佐助は身を切るように冷たい横風の吹くホームで、ぼんやりと電車を待っていた。

聞き慣れたアナウンスと共に、僅かに空気の流れが変わる。

地鳴りの様な音を響かせ、空気を圧して近付いてくる。


圧され、引かれる。


「……」

佐助は鋭利な感覚を潰そうと音楽プレイヤーのボリュームを上げ、不機嫌そうに眉を顰めた。



瞬間、



隣に居た、誰かの身体がふわりと線路に引き込まれた。

(、あ)

声を上げる間もなく、湿った音がして、生暖かいものが顔に飛び散った。



───嗚呼、遠くで誰かの悲鳴が聞こえる。



厭な音を立てて、数メートル先で通過するはずだった電車が止まる。


車体の退いて曝された線路上。


俺の目の前には───














「って訳で、電車は遅れるわ服は汚れるわで大変だった訳よ」

結局電車にも乗れず、軽い事情聴取までされていい迷惑だと

「其れは難儀であったな」



「ったくもー。あんなトコでトブなっての。電車って止めるとクソ金取られるって知らなかったのかな?…ま、今となっちゃ、って感じだけど。」

佐助は幸村の前にココアを置き、自分は珈琲を片手に隣に座り込んだ。

「む、有難く」

「うん」

ずず、と珈琲を啜り、チャンネルをカチャカチャと適当にまわす。

「其れで佐助。───大丈夫なのか?」

幸村はココアを置き、佐助の方を向いた。

「え?あ、うん。大学にも連絡してもらったし。服は、まぁ仕方ないけど…」

低重音を響かせながら回る洗濯機の有る方向に視線を向けて、はぁ〜、と溜め息を吐いた。
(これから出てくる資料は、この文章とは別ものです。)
Lemma l1norm_indicator_sub_lconv_le (delta : R) : 0 <= delta ->
  ((1 - delta)%:E <= \esum_(x in L) (phi x)%:E)%E ->
  (\esum_(x in L) (phi x)%:E <= 1%:E)%E ->
  (l1norm M (fun x => (\1_Omega x : R) - lconv M \1_Omega phi x)%R <=
     delta%:E * card_e (Omega `&` L) +
     \esum_(mu in L) ((phi mu)%:E *
       \esum_(l in L) (`|(\1_Omega l : R) - \1_Omega (l - mu)|)%:E))%E.
Proof.
move=> delta_ge0 P_lo P_hi.
have P_fin : (\esum_(x in L) (phi x)%:E)%E \is a fin_num.
  rewrite ge0_fin_numE ?(le_lt_trans P_hi (ltry _)) //.
  by apply: esum_ge0 => x Lx; rewrite lee_fin phi_ge0.
have Pp := esym (fineK P_fin).
move: P_lo P_hi; rewrite Pp !lee_fin => p_lo p_hi.
have ind_ge0 x : 0 <= (\1_Omega x : R) by rewrite indicE ler0n.
rewrite /l1norm.
apply: le_trans (le_esum (fun l Ll => indicator_sub_lconv_le Ll Pp p_lo p_hi)) _.
rewrite esumD; first last.
- by move=> l _; apply: esum_ge0 => mu Lmu; rewrite lee_fin mulr_ge0 ?phi_ge0.
- by move=> l _; rewrite lee_fin mulr_ge0.
apply: leeD.
  under eq_esum do rewrite EFinM.
  rewrite ge0_esumZl // /card_e esum_mkcondl lee_wpmul2l ?lee_fin //.
  by apply: le_esum => l _; rewrite indicE; case: (l \in Omega).
rewrite exchange_esum; last by move=> l mu _ Lmu; rewrite lee_fin mulr_ge0 ?phi_ge0.
apply: le_esum => mu Lmu; under eq_esum do rewrite EFinM.
by rewrite ge0_esumZl ?phi_ge0 // => l _; rewrite lee_fin.
Qed.

End indicator_convolution.

Lemma esum_moment_le (R : realType) (T : choiceType) (D : set T) (w phi : T -> R)
    (K : R) (B : \bar R) :
  0 <= K -> (0 <= B)%E -> (forall x, D x -> 0 <= w x) -> (forall x, D x -> 0 <= phi x) ->
  (\esum_(x in D) (phi x)%:E <= 1%:E)%E ->
  (\esum_(x in D) (w x * `|phi x|)%:E < +oo)%E ->
  (\esum_(x in D) ((phi x)%:E * ((K * (w x + 2))%:E * B)) <=
     (2 * K + 1)%:E * (\esum_(x in D) (w x * `|phi x|)%:E + 1%:E) * B)%E.
Proof.
move=> K_ge0 B_ge0 w_ge0 phi_ge0 P_le1 S_lt.
have wphi_ge0 x : D x -> 0 <= w x * `|phi x| by move=> Dx; rewrite mulr_ge0 ?w_ge0.
have [s s_ge0 Ss] : exists2 s, 0 <= s & (\esum_(x in D) (w x * `|phi x|)%:E)%E = s%:E.
  have S_ge0 : (0 <= \esum_(x in D) (w x * `|phi x|)%:E)%E.
    by apply: esum_ge0 => x /wphi_ge0; rewrite lee_fin.
  by exists (fine (\esum_(x in D) (w x * `|phi x|)%:E)%E); rewrite ?fine_ge0 ?fineK ?ge0_fin_numE.
have [p /andP[p_ge0 p_le1] Pp] :
    exists2 p, 0 <= p <= 1 & (\esum_(x in D) (phi x)%:E)%E = p%:E.
  have P_ge0 : (0 <= \esum_(x in D) (phi x)%:E)%E.
    by apply: esum_ge0 => x /phi_ge0; rewrite lee_fin.
  have P_fin : (\esum_(x in D) (phi x)%:E)%E \is a fin_num.
    by rewrite ge0_fin_numE ?(le_lt_trans P_le1 (ltry _)).
  exists (fine (\esum_(x in D) (phi x)%:E)%E); last by rewrite fineK.
  by rewrite fine_ge0 //= -lee_fin fineK.
rewrite Ss -EFinD -EFinM.
case: B B_ge0 => [b | _ | //]; last by rewrite gt0_muley ?leey // lte_fin; nra.
rewrite lee_fin => b_ge0.
have -> : (\esum_(x in D) ((phi x)%:E * ((K * (w x + 2))%:E * b%:E)) =
    (K * b)%:E * \esum_(x in D) (w x * `|phi x| + 2 * phi x)%:E)%E.
  rewrite -ge0_esumZl ?mulr_ge0 // => [|x Dx]; last first.
    by rewrite lee_fin addr_ge0 ?wphi_ge0 ?mulr_ge0 ?phi_ge0.
  apply: eq_esum => x Dx; rewrite -!EFinM (ger0_norm (phi_ge0 _ Dx)).
  by congr (_%:E); ring.
under eq_esum do rewrite EFinD [(2 * _)%:E]EFinM.
rewrite esumD ?ge0_esumZl //; last by move=> x Dx; rewrite mule_ge0 ?lee_fin ?phi_ge0.
rewrite Ss Pp -[(2%:E * _)%E]EFinM -EFinD -EFinM lee_fin.
have : K * b * p <= K * b by rewrite ler_piMr ?mulr_ge0.
have : 0 <= K * b * s by rewrite !mulr_ge0.
have : 0 <= b * s by rewrite mulr_ge0.
have : 0 <= K * b by rewrite mulr_ge0.
nra.
Qed.

Theorem proposition2p2 (R : realType) (d : nat) (hd : (1 <= d)%N)
  (M : 'M[R]_(2 * d)) (hM : M \in unitmx) (r : R) (hr : 0 < r) :
  exists C : R,
  forall (phi : 'cV[R]_(2 * d) -> R) (delta : R),
    (forall x, lattice M x -> 0 <= phi x) ->
    (l1norm M phi < +oo)%E ->
    (\esum_(x in lattice M) (enorm x * `|phi x|)%:E < +oo)%E ->
    0 <= delta <= 1 ->
    ((1 - delta)%:E <= \esum_(x in lattice M) (phi x)%:E)%E ->
    (\esum_(x in lattice M) (phi x)%:E <= 1%:E)%E ->
    forall O : set 'cV[R]_(2 * d), compact O ->
      (l1norm M (fun x => (\1_O x : R) - lconv M \1_O phi x)%R <=
        C%:E * ((\esum_(x in lattice M) (enorm x * `|phi x|)%:E) + 1%:E)
             * card_e (lat_bdry M O (r + diam_fund M))
        + delta%:E * card_e (O `&` lattice M))%E.
Proof.
have [K K_ge0 cube_card_le] :=
  lattice_cube_card_bounded hM (addr_ge0 ler01 (diam_fund_ge0 M)).
exists (2 * K + 1) => phi delta phi_ge0 _ moment_lt /andP[delta_ge0 _] P_lo P_hi O cO.
have clO : closed O := compact_closed (@norm_hausdorff _ _) cO.
apply: le_trans (l1norm_indicator_sub_lconv_le O phi_ge0 delta_ge0 P_lo P_hi) _.
rewrite [leRHS]addeC; apply: leeD2l.
have B_ge0 : (0 <= card_e (lat_bdry M O (r + diam_fund M)))%E by exact: esum_ge0.
apply: le_trans _ (esum_moment_le K_ge0 B_ge0 (fun x _ => enorm_ge0 x) phi_ge0 P_hi moment_lt).
apply: le_esum => mu Lmu; apply: lee_wpmul2l; first by rewrite lee_fin phi_ge0.
exact: esum_indicator_shift_le.
Qed.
(血って落ちにくいんだよなー…。んー洗ってみるけどさー)

如何したもんか、と考えていると、幸村の声が其の思考を遮った。

「違う」

「え?」

幸村を見ると、何故か酷く真面目な顔をしていて、思わず言葉に詰まった。


「───佐助は、大丈夫なのか?」

「!……」


フッ、と一瞬だけ佐助の表情が無くなった。


しかし、直ぐに何時もの笑みを浮かべた。

「───…ん。大丈夫。」

ふわりふわりと珈琲の湯気が揺れる。


其れは、冷たい線路に流れたあの暖かく赤い体液が発していた、柔らかい湯気の様に。


佐助はそんな記憶を掻き消す様に、ふぅ、と珈琲の湯気を吹いて、カップを置いた。

「大丈夫。俺様には、───旦那が居るから。」

ぎゅう、と佐助は幸村の手を握り締めた。

幸村の手は、ココアの温かさを移しており、僅かに熱を持っていた。

「うむ」

幸村は、漸く安心した様に微笑んだ。

(わかってる。俺はもう、此の方を独りにしてはいけないのだから)

「───佐助?」

余程悲壮な顔をしていたのか、幸村は優しく背中に手を回した。

「佐助…俺のために、生きてくれるな…」

そして、宥めるように背中を優しく叩いた。

「……」

「お前自身の為に生きよ」

そう言って背中に回された幸村の手が、僅かに震えているのは───



(───幸村様?)



途中迄出かかった言葉を佐助は呑み込んだ。

「…、ありがと。十分だよ。」

「佐助…」

「大将が居て、旦那が居てくれて、俺様十分幸せなわけですよ」

「………」

「だから、安心して?…居なくなったりしないから。」

誰かを生きる理由にするのは簡単だ。

「うむ…」

ただ、其れは酷く脆い。

「わー旦那ってば、イイコイイコ!」

線路に飛び込んだ見知らぬ他人(ひと)に、自分を重ねて仕舞うほど。

「な…っ、からかうでないわ!」

「あははっ、…え、痛っ!痛いです!ごめんなさい、ごめんなさいって!」

ケラケラと笑って拳を避ける佐助に、「まったく…お前と云う奴は…」と脱力した。

「へへ…」




(だから、生きられるのは旦那が俺様に依存してくれてる間だけでいい)





其れまで、黄色い線の内側で手を引いて。






end


あきゅろす。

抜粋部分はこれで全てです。